Dr. Frye combined his expertise in literature, theology and art history to produce thoughtful tomes on subjects such as imagery in the works of John Milton, feminist language for God, and creationism.

He wrote 10 books and hundreds of scholarly articles, frequently exploring religious topics. In 1978, he cofounded the Center of Theological Inquiry in Princeton, an independent, ecumenical institution for advanced theological research.

Dr. Frye was a Presbyterian elder, most recently at Bryn Mawr Presbyterian Church. His faith was "central," said his wife, Jean Steiner Frye, "but he was also a very, very good scholar."

Born in Birmingham, Ala., Dr. Frye earned three degrees, including his doctorate, from Princeton University. In 1943, he interrupted his studies to serve as an Army officer in World War II. He fought in the Battle of the Bulge and earned a Bronze Star for his service.

After the war, Dr. Frye joined the faculty of Emory University in Atlanta, where he worked with government officials to integrate the public schools. He became a research professor in residence at the Folger Shakespeare Library in Washington, but missed teaching so much that he took a post at the University of Pennsylvania in 1965. He was the Schelling Professor of English Literature until his retirement in 1983.

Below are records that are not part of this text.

Lemma move_zero_left_inj (u1 u2 : word) j i : 0 < i <= j.-1 -> j <= size u1 -> j <= size u2 ->
  ltr u1 j = 0 -> ltr u2 j = 0 -> move_zero_left u1 j i = move_zero_left u2 j i -> u1 = u2.
Proof.
move=> hi hj1 hj2 z1 z2 /eqP.
have sa : size (take i.-1 u1) = size (take i.-1 u2) by rewrite !size_takel; lia.
have sb : size (drop i.-1 (take j.-1 u1)) = size (drop i.-1 (take j.-1 u2)).
  by rewrite !size_drop !size_takel //; lia.
rewrite eqseq_cat // eqseq_cons eqxx andTb eqseq_cat // => /and3P[/eqP e1 /eqP e2 /eqP e3].
by rewrite (move_zero_leftE hi hj1 z1) (move_zero_leftE hi hj2 z2) e1 e2 e3.
Qed.

Lemma size_move_zero_right (u : word) j k : 0 < j <= k -> k <= size u ->
  size (move_zero_right u j k) = size u.
Proof. by move=> hj hk; rewrite /move_zero_right !size_cat /= !size_drop !size_takel; lia. Qed.

Lemma size_move_zero_left (u : word) j i : 0 < i <= j.-1 -> j <= size u ->
  size (move_zero_left u j i) = size u.
Proof.
by move=> hi hj; rewrite /move_zero_left !size_cat /= size_cat !size_drop !size_takel; lia.
Qed.

Lemma ltr_move_zero_right (u : word) j k t : 0 < j <= k -> k <= size u -> 0 < t ->
  ltr (move_zero_right u j k) t =
  if t < j then ltr u t else if t < k then ltr u t.+1 else if t == k then 0 else ltr u t.
Proof.
move=> hj hk ht; rewrite /move_zero_right /ltr nth_cat size_takel; last lia.
case: ifP => h1; first by rewrite nth_take // ifT //; lia.
rewrite ifF; last lia.
rewrite nth_cat size_drop size_takel //.
case: ifP => h2.
  rewrite nth_drop nth_take; last lia.
  by rewrite ifT; [congr nth | ]; lia.
rewrite ifF; last lia.
case: (eqVneq t k) => [->|tk].
  by rewrite (_ : k.-1 - j.-1 - (k - j) = 0) //; lia.
rewrite (_ : t.-1 - j.-1 - (k - j) = (t.-1 - k).+1); last lia.
by rewrite /= nth_drop; congr nth; lia.
Qed.

Lemma ltr_move_zero_left (u : word) j i t : 0 < i <= j.-1 -> j <= size u -> 0 < t ->
  ltr (move_zero_left u j i) t =
  if t < i then ltr u t else if t == i then 0 else if t <= j then ltr u t.-1 else ltr u t.
Proof.
move=> hi hj ht; rewrite /move_zero_left /ltr nth_cat size_takel; last lia.
case: ifP => h1; first by rewrite nth_take // ifT //; lia.
rewrite ifF; last lia.
case: (eqVneq t i) => [->|ti]; first by rewrite subnn.
rewrite (_ : t.-1 - i.-1 = (t.-1 - i).+1) /=; last lia.
rewrite nth_cat size_drop size_takel; last lia.
case: ifP => h2.
  rewrite nth_drop nth_take; last lia.
  by rewrite ifT; [congr nth | ]; lia.
by rewrite ifF ?nth_drop; [congr nth |]; lia.
Qed.

(* What case (b) of phi_l (resp. case (c) below) guarantees when it moves the zero at j to k. *)
Definition right_move v (u : word) j k :=
  [/\ j < k <= size u,
      forall t, j < t <= k -> 0 < ltr u t /\ sub_letter v (ltr u t),
      forall t, j < t < k -> ltr u t < ltr u t.+1,
      ~~ (osub v (xlt u k.+1) && (ltr u k < ltr u k.+1))
    & ~~ osub v (xlt u j.-1) || (ltr u j.+1 < ltr u j.-1)].

Definition left_move v (u : word) j i :=
  [/\ 0 < i <= j.-1,
      forall t, i <= t <= j.-1 -> 0 < ltr u t /\ sub_letter v (ltr u t),
      forall t, i <= t < j.-1 -> ltr u t.+1 < ltr u t,
      osub v (xlt u i.-1) ==> (ltr u i.-1 < ltr u i)
    & ~~ osub v (xlt u j.+1) || (ltr u j.-1 < ltr u j.+1)].

Lemma phi_out n m l (u : word) : ~~ (0 < l <= n - m) -> phi n m l u = u.
Proof. by move=> hl; rewrite /phi ifT //; lia. Qed.

Section PhiCases.

Variable v : word.
Hypothesis derv : derangement v.

Lemma phi_cases n (u : word) l : u \in Sh n v -> 0 < l <= n - size v ->
  let j := zpos u l in let u' := phi n (size v) l u in
  [\/ [/\ u' = u, ~~ osub v (xlt u j.-1) & ~~ osub v (xlt u j.+1)],
      exists2 k, u' = move_zero_right u j k & right_move v u j k
    | exists2 i, u' = move_zero_left u j i & left_move v u j i].
Proof.
move=> hu hl j u'; have [su cnt hP] := ShP hu.
have hl' : 0 < l <= count_mem 0 u by rewrite cnt.
have [hj uj0 _] := zposP hl'; rewrite -/j in hj uj0.
have right_case : osub v (xlt u j.+1) -> ~~ osub v (xlt u j.-1) || (ltr u j.+1 < ltr u j.-1) ->
    right_move v u j (chain_b_max u n j).
  move=> sr cnd; rewrite -su; have j0 : 0 < j by lia.
  by have [] := chain_b_maxP derv hP j0 uj0 sr; split.
have left_case : osub v (xlt u j.-1) -> ~~ osub v (xlt u j.+1) || (ltr u j.-1 < ltr u j.+1) ->
    left_move v u j (chain_c_min u j).
  by move=> sl cnd; have [] := chain_c_minP derv hP uj0 sl; split.
rewrite /u' /phi ifF; last lia.
rewrite -/j !(nonsubE derv) // !(subexcE derv) //.
case sl: (osub v (xlt u j.-1)); case sr: (osub v (xlt u j.+1)) => /=.
- case: (ltngtP (ltr u j.+1) (ltr u j.-1)) => [lt|gt|eq].
  + by apply: Or32; exists (chain_b_max u n j) => //; apply: right_case; rewrite ?lt ?orbT.
  + by apply: Or33; exists (chain_c_min u j) => //; apply: left_case; rewrite ?gt ?orbT.
  + have [hjl pl _] := osubP sl; have [hjr pr _] := osubP sr.
    have hj' : 1 < j < size u by lia.
    by have := index_across_zero derv hP hj' uj0 pl pr; rewrite eq; lia.
- by apply: Or33; exists (chain_c_min u j) => //; apply: left_case; rewrite ?sr.
- by apply: Or32; exists (chain_b_max u n j) => //; apply: right_case; rewrite ?sl.
- by apply: Or31.
Qed.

Dr. Frye's books include the award-winning Milton's Imagery and the Visual Arts and Is God a Creationist: The Religious Case Against Creation-Science. Among his many awards are the American Philosophical Society's highest honor, the Thomas Jefferson Award.

In addition to his wife of 58 years, Dr. Frye is survived by son Roland M. Jr. and one grandson.

A memorial service will be at 11 a.m. tomorrow at the chapel at Bryn Mawr Presbyterian Church, 625 Montgomery Ave., Bryn Mawr. Burial is private.

Memorial donations may be made to the American Philosophical Society, 104 S. Fifth St., Philadelphia 19106.